(Beginning of Data in this exercise)
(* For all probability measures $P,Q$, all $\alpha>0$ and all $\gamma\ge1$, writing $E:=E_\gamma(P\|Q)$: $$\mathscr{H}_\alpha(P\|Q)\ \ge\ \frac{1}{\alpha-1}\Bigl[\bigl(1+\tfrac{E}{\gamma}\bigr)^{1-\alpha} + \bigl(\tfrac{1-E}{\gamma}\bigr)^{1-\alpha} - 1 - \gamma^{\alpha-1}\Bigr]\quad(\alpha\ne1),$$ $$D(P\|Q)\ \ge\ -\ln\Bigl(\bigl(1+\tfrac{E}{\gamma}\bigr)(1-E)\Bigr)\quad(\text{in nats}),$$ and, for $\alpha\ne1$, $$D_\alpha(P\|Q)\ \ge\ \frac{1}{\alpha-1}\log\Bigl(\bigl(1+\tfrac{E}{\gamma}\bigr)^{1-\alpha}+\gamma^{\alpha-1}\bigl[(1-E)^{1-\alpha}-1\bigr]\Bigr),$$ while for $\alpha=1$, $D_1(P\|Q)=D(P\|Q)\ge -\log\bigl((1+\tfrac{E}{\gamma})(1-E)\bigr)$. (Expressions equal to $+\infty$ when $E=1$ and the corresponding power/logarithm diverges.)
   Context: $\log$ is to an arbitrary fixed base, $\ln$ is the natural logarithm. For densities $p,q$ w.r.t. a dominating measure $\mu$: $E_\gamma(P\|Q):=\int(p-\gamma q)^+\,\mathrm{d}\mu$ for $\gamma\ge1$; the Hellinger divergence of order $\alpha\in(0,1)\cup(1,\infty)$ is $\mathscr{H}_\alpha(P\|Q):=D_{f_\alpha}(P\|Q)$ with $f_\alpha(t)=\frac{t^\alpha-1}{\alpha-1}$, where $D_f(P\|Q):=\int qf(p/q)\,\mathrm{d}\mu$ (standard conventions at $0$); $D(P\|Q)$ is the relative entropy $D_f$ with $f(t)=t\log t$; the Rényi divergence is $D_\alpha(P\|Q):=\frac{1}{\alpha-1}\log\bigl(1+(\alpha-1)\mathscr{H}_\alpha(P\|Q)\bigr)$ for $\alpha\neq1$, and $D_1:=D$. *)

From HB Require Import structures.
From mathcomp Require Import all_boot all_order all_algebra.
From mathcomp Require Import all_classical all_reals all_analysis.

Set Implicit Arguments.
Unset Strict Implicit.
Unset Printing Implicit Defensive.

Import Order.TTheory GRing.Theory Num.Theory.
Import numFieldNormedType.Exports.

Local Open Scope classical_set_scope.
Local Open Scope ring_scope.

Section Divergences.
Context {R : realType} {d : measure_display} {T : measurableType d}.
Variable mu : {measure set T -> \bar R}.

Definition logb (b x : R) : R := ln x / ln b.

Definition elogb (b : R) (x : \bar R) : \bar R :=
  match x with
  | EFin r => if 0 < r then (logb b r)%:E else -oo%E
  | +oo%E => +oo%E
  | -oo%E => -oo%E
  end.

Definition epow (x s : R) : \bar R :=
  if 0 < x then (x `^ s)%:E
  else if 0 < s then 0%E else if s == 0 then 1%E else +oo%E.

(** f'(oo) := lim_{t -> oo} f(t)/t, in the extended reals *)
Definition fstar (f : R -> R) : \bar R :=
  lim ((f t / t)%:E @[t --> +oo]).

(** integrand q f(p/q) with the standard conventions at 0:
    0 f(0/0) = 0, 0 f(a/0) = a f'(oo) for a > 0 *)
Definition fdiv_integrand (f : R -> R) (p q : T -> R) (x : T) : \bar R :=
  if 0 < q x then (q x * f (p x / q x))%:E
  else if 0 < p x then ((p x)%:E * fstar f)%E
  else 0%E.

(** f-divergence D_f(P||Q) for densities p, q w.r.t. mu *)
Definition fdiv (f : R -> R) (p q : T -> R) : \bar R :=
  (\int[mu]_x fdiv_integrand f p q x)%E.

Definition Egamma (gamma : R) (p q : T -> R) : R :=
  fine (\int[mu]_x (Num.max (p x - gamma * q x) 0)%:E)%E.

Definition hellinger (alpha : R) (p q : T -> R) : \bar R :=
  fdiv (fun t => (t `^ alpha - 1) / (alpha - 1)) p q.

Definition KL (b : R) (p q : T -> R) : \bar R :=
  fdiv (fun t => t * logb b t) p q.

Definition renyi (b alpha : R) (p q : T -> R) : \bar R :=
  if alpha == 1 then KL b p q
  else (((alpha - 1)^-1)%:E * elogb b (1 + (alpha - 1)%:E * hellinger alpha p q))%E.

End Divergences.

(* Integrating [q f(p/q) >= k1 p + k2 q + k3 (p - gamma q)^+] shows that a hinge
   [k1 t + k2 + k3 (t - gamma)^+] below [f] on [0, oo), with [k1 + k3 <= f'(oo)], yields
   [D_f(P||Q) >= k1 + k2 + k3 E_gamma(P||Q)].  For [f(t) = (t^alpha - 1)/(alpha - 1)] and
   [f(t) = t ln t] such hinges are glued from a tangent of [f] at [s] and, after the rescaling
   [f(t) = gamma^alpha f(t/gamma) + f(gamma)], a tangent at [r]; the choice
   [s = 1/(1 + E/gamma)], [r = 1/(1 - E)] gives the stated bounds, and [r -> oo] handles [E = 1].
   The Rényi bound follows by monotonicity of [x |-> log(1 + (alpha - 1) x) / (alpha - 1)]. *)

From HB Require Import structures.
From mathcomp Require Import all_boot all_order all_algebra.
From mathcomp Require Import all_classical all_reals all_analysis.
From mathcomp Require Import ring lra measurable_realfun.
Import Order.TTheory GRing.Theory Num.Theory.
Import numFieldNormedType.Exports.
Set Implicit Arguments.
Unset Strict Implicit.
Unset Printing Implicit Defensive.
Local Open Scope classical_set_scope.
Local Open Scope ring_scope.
(End of Data in this exercise)
§ Directions: Print exactly, and only, the lines from the line that contains "End Divergences." through the last line of the records.

§ Task output:
End Divergences.

(* Integrating [q f(p/q) >= k1 p + k2 q + k3 (p - gamma q)^+] shows that a hinge
   [k1 t + k2 + k3 (t - gamma)^+] below [f] on [0, oo), with [k1 + k3 <= f'(oo)], yields
   [D_f(P||Q) >= k1 + k2 + k3 E_gamma(P||Q)].  For [f(t) = (t^alpha - 1)/(alpha - 1)] and
   [f(t) = t ln t] such hinges are glued from a tangent of [f] at [s] and, after the rescaling
   [f(t) = gamma^alpha f(t/gamma) + f(gamma)], a tangent at [r]; the choice
   [s = 1/(1 + E/gamma)], [r = 1/(1 - E)] gives the stated bounds, and [r -> oo] handles [E = 1].
   The Rényi bound follows by monotonicity of [x |-> log(1 + (alpha - 1) x) / (alpha - 1)]. *)

From HB Require Import structures.
From mathcomp Require Import all_boot all_order all_algebra.
From mathcomp Require Import all_classical all_reals all_analysis.
From mathcomp Require Import ring lra measurable_realfun.
Import Order.TTheory GRing.Theory Num.Theory.
Import numFieldNormedType.Exports.
Set Implicit Arguments.
Unset Strict Implicit.
Unset Printing Implicit Defensive.
Local Open Scope classical_set_scope.
Local Open Scope ring_scope.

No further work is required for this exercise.